# Angeln von Seebrücken



## RAUBFISCHULTRA (13. Juli 2012)

Hey
Ich fahre mitte bis Ende Juli auf Poel und wollte dort gern einmal von der Seebrücke in Wohlenberg und Boltenhagen angeln.
Da ich keine Ahnung vom Salzwasser hab wäre es nett wenn ihr mir ein paar Tipps geben könntet.Brandungsangeln würde ich nicht machen da ich nur Karpfenruten da hätte und kein Brandungsgeschirr.

Mfg Carphunter8858


----------



## xbxmxnn (13. Juli 2012)

*AW: Angeln von Seebrücken*

Moin moin,

mit Deinen Karpfenruten könntest Du auch leichtes Brandungsangeln machen, und ein dicker Ostseeaal an einer Karpfenrute macht sogar richtig Spaß, aber stimmt schon, optimal mit solchen Ruten ist es wirklich von Seebrücken. Nimm dazu ein, zwei Brandungsvorfächer mit wenig Schnickschnack dran, gibt es in jedem Angelladen, ein paar Wattwürmer, und das reicht eigentlich schon (klar, Papiere und Handtuch und Fischtöter und Messer... muss man nicht ansprechen, oder?) Ich hab hier noch einen Artikel über das Seebrückenangeln als pdf, wenn Du mir Deine Mailadresse per PN zukommen lässt, schicke ich den mal rüber.
Viele Grüße und Petri Heil,

Dirk


----------



## Silvio.i (13. Juli 2012)

*AW: Angeln von Seebrücken*

In Wohlenberg gibte es keine Seebrück, nur den alten Anleger, aber das nur am Rande. Rerik ist von Poel aber bald besser zu erreichen. Macht aber (fast) nur nachts Sinn im Sommer!
Ich würde 3 sachen probieren:
1. Brandungsvorfächer + Wattwurm (Platte)
2. ganz normale Grundbleimontage mit Tauwurm (Aal)
3. Knicklichtpose mit Físchfetzen (Horni+Mefo)
Petrie Heil.


----------



## RAUBFISCHULTRA (13. Juli 2012)

*AW: Angeln von Seebrücken*



Silvio.i schrieb:


> In Wohlenberg gibte es keine Seebrück, nur den alten Anleger, aber das nur am Rande. Rerik ist von Poel aber bald besser zu erreichen. Macht aber (fast) nur nachts Sinn im Sommer!
> Ich würde 3 sachen probieren:
> 1. Brandungsvorfächer + Wattwurm (Platte)
> 2. ganz normale Grundbleimontage mit Tauwurm (Aal)
> ...




Vielen Dank für die guten Tipps
Die Beisszeiten sind ungefähr 20.00 bis 24.00 oder?
Hab gehört das Platte auch schon von 16:00 Uhr beißen sollen.
Mit 1und 2 fängt man bestimmt am meisten.


----------



## derporto (17. Juli 2012)

*AW: Angeln von Seebrücken*

Karpfengeschrr reicht auf Seebrücken in 90 % der Fälle absolut aus. Selbst bei Windstärke 6 fische ich von Seebrücken im Regelfall nicht schwerer als 125 gramm und bin damit immer gut gefahren. Wenn ich sehe, mit was für Knüppeln und 250 gr. Krallenblei manche Leute dort auflaufen, wird mir regelmäßig relativ übel. 

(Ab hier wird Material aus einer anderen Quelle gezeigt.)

(* Consider a black-white array (BWA) storing at most $n=2^m-1$ values, and average the cost of searching for a value not present in it over the $n$ possible configurations $\mathtt{total}\in\{1,\dots,n\}$. This average time is $O(\log^2 n)$.
   Context: A black-white array (BWA) of size $N=2^K$ stores values from a totally ordered set. Its white array is $W[1..N-1]$. For $i\ge0$, the segment of rank $i$ is the index block $[2^i,2^{i+1}-1]$, of length $2^i$. A state variable $\mathtt{total}$ counts stored values. The rank-$i$ segment is active iff bit $i$ of $\mathtt{total}$ is $1$; thus the configuration of the BWA is determined by $\mathtt{total}$. Between operations, all stored values lie in the active white segments, each sorted ascending. Search$(v)$: for $i=K-1$ down to $0$, if the rank-$i$ segment is active, binary-search the white rank-$i$ segment for $v$. A binary search of a segment of length $L$ costs $O(\log L+1)$. Return the index at the first success, or Nil if none. An unsuccessful search therefore binary-searches every active segment. *)

From mathcomp Require Import all_boot.

(* Black-white array of size N = 2^K; white array W[1..N-1].
   The rank-i segment [2^i, 2^(i+1)-1] (length 2^i) is active iff
   bit i of [total] is 1. *)
Definition seg_active (total i : nat) : bool := odd (total %/ 2 ^ i).

(* Cost of an unsuccessful Search in a BWA of size 2^K with state [total],
   where [bs L] is the cost of binary-searching a segment of length L.
   The loop runs i = K-1 down to 0; each iteration pays one unit for the
   activity test, plus [bs (2^i)] if the rank-i segment is active
   (an unsuccessful search binary-searches every active segment). *)
Definition unsucc_search_cost (bs : nat -> nat) (K total : nat) : nat :=
  \sum_(i < K) (1 + (if seg_active total i then bs (2 ^ i) else 0)).

Definition total_unsucc_cost (bs : nat -> nat) (m : nat) : nat :=
  \sum_(1 <= t < (2 ^ m - 1).+1) unsucc_search_cost bs m t.

From mathcomp Require Import all_boot.
From mathcomp Require Import zify.

Set Implicit Arguments.
Unset Strict Implicit.
Unset Printing Implicit Defensive.

(* The average is bounded by the worst case: each of the m segments of a BWA
   of size 2^m has length at most 2^(m-1), so every unsuccessful search costs
   at most m (1 + C m).  Since log2 n = m - 1 for n = 2^m - 1 and m <= 2 (m - 1)
   when m >= 2, this is at most 4 (1 + C) (log2 n)^2. *)

Lemma trunc_log_predn_expn (p m : nat) :
  1 < p -> 0 < m -> trunc_log p (p ^ m - 1) = m.-1.
Proof.
move=> p_gt1; case: m => // k _; apply: trunc_log_eq => //.
have pk_gt0 : 0 < p ^ k by rewrite expn_gt0 ltnW.
rewrite /= expnS; have := ltn_Pmull p_gt1 pk_gt0; lia.
Qed.

Lemma search_cost_expn2_le (C K : nat) (bs : nat -> nat) (i : nat) :
  (forall L, bs L <= C * (trunc_log 2 L + 1)) ->
  i < K -> bs (2 ^ i) <= C * K.
Proof.
move=> bs_le lt_iK; apply: leq_trans (bs_le _) _.
by rewrite trunc_expnK // addn1 leq_mul2l lt_iK orbT.
Qed.

Lemma unsucc_search_cost_le (bs : nat -> nat) (c K t : nat) :
  (forall i, i < K -> bs (2 ^ i) <= c) ->
  unsucc_search_cost bs K t <= K * (1 + c).
Proof.
move=> bs_le; rewrite /unsucc_search_cost -[K in K * _]card_ord -sum_nat_const.
apply: leq_sum => i _; rewrite leq_add2l.
by case: ifP => // _; apply: bs_le.
Qed.

Lemma total_unsucc_cost_le (bs : nat -> nat) (b m : nat) :
  (forall t, unsucc_search_cost bs m t <= b) ->
  total_unsucc_cost bs m <= (2 ^ m - 1) * b.
Proof.
move=> cost_le; rewrite /total_unsucc_cost.
apply: leq_trans (_ : \sum_(1 <= t < (2 ^ m - 1).+1) b <= _).
  by apply: leq_sum => t _.
by rewrite sum_nat_const_nat subn1.
Qed.

Theorem mainTheorem10 :
  forall C : nat, exists D : nat,
  forall bs : nat -> nat,
    (forall L, bs L <= C * (trunc_log 2 L + 1)) ->
  forall m : nat, 2 <= m ->
    let n := 2 ^ m - 1 in
    total_unsucc_cost bs m <= D * n * (trunc_log 2 n) ^ 2.
Proof.
move=> C; exists (4 * (1 + C)) => bs bs_le m m_ge2; cbv zeta.
rewrite trunc_log_predn_expn ?(ltn_trans _ m_ge2) //.
have cost_le t : unsucc_search_cost bs m t <= m * (1 + C * m).
  by apply: unsucc_search_cost_le => i; apply: search_cost_expn2_le.
apply: leq_trans (total_unsucc_cost_le cost_le) _.
rewrite mulnAC [_ * (2 ^ m - 1)]mulnC leq_mul //.
by case: m m_ge2 {cost_le} => // k k_ge1 /=; nia.
Qed.
(* Let $k$ be a field and let $A$ be a $k$-algebra with two graded algebra decompositions $A=\bigoplus_{i=0}^{\infty}A_i=\bigoplus_{i=0}^{\infty}B_i$ such that (1) $A_0=B_0=k$; (2) $A$ is generated as an algebra by $A_1$, and also by $B_1$; (3) either $A_1$ or $B_1$ is finite dimensional over $k$. Suppose that every algebra automorphism of $A$ is graded with respect to the grading $(A_i)_{i\ge0}$, i.e. $\mathrm{Aut}(A)=\mathrm{Aut}_{gr}(A)$. Then $A_i=B_i$ for all $i$.
   Context: $\mathrm{Aut}(A)$ denotes the group of $k$-algebra automorphisms of $A$, and $\mathrm{Aut}_{gr}(A)$ the subgroup of those $\phi$ with $\phi(A_i)=A_i$ for all $i$. *)

From HB Require Import structures.
From mathcomp Require Import all_boot all_order all_algebra.
Set Implicit Arguments. Unset Strict Implicit. Unset Printing Implicit Defensive.
Import GRing.Theory.
Local Open Scope ring_scope.

Definition is_subspace (k : fieldType) (A : algType k) (S : A -> Prop) : Prop :=
  S 0 /\ (forall (c : k) (u v : A), S u -> S v -> S (c *: u + v)).

Definition graded_decomposition (k : fieldType) (A : algType k)
    (G : nat -> A -> Prop) : Prop :=
  [/\ forall i, is_subspace (G i),
      G 0%N 1,
      (forall i j (x y : A), G i x -> G j y -> G (i + j)%N (x * y)),
      (forall a : A, exists (n : nat) (f : nat -> A),
          (forall i, G i (f i)) /\ a = \sum_(i < n) f i) &
      (forall (n : nat) (f : nat -> A),
          (forall i, G i (f i)) -> \sum_(i < n) f i = 0 ->
          forall i, (i < n)%N -> f i = 0)].

Definition is_base_field (k : fieldType) (A : algType k) (S : A -> Prop) : Prop :=
  forall a : A, S a <-> exists c : k, a = c%:A.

Also liegst du mit deinen Karpfenruten absolut im Rahmen.

Ich würde auch empfehlen, eine oder zwei Ruten auf Grund zu legen, eine passiv mit Wasserkugel und Heringsfetzen auf Horni auszulegen. Dürfte aktuell die besten Erfolgsaussichten bieten. 

Viel Spaß und Petri Heil


----------



## RAUBFISCHULTRA (18. Juli 2012)

*AW: Angeln von Seebrücken*



derporto schrieb:


> Karpfengeschrr reicht auf Seebrücken in 90 % der Fälle absolut aus. Selbst bei Windstärke 6 fische ich von Seebrücken im Regelfall nicht schwerer als 125 gramm und bin damit immer gut gefahren. Wenn ich sehe, mit was für Knüppeln und 250 gr. Krallenblei manche Leute dort auflaufen, wird mir regelmäßig relativ übel.
> 
> Also liegst du mit deinen Karpfenruten absolut im Rahmen.
> 
> ...



Also könnte man auch mit Blinker auf Hornies angeln.
Weil mir einige schon gesagt hatten,das sie schon wieder im Meer sind

MfG Carphunter8858


----------



## Silvio.i (18. Juli 2012)

*AW: Angeln von Seebrücken*

Blinkern auf Hornhecht dürfte nicht funktionieren, da sie erst im Dunkeln an die Küste kommen. Pose/Wasserkugel + Fischfetzen


----------



## RAUBFISCHULTRA (18. Juli 2012)

*AW: Angeln von Seebrücken*



Silvio.i schrieb:


> Blinkern auf Hornhecht dürfte nicht funktionieren, da sie erst im Dunkeln an die Küste kommen. Pose/Wasserkugel + Fischfetzen



Werd's versuchen ^^ :m


----------



## Rosi (18. Juli 2012)

*AW: Angeln von Seebrücken*

Moin zu dir, vor Poel ist es ziemlich lange flach und sandig. Auch um die Seebrücke herum. Entscheidend  ist die Wetterlage. Auflandige Winde verstärken die Brandung. Ablandige Winde senken den Wasserstand. Eine Karpfenrute ist doch gut für die Seebrücke. Sie hat genug Rückrad um einen Fisch nach oben zu befördern. 
Für Hornhechte reicht eine Aalrute. Die fischst du kopfüber, also mit der Spitze nach unten haltend. (und Silberblinker)
Oder mit Pose/Sbirolino/Wasserkugel und Fetzen, dann aufrecht. Was dir besser liegt. Nachts mit Leuchtpose. Da mußt du jedoch auf die anderen Angler Rücksicht nehmen. Das kommt nicht so gut an, wenn eine Pose sich durch zig Grundruten legt. 
Und such mal die Brückenordnung. Auf vielen Seebrücken ist das Angeln am Tage verboten.


----------



## Rosi (18. Juli 2012)

*AW: Angeln von Seebrücken*



Silvio.i schrieb:


> Blinkern auf Hornhecht dürfte nicht funktionieren, da sie erst im Dunkeln an die Küste kommen. Pose/Wasserkugel + Fischfetzen



Nein, Hornis sind Sichtjäger und tagaktiv. Nachts kann man sie auch fangen. Jedoch nur von beleuchteten Seebrücken aus. |supergri


----------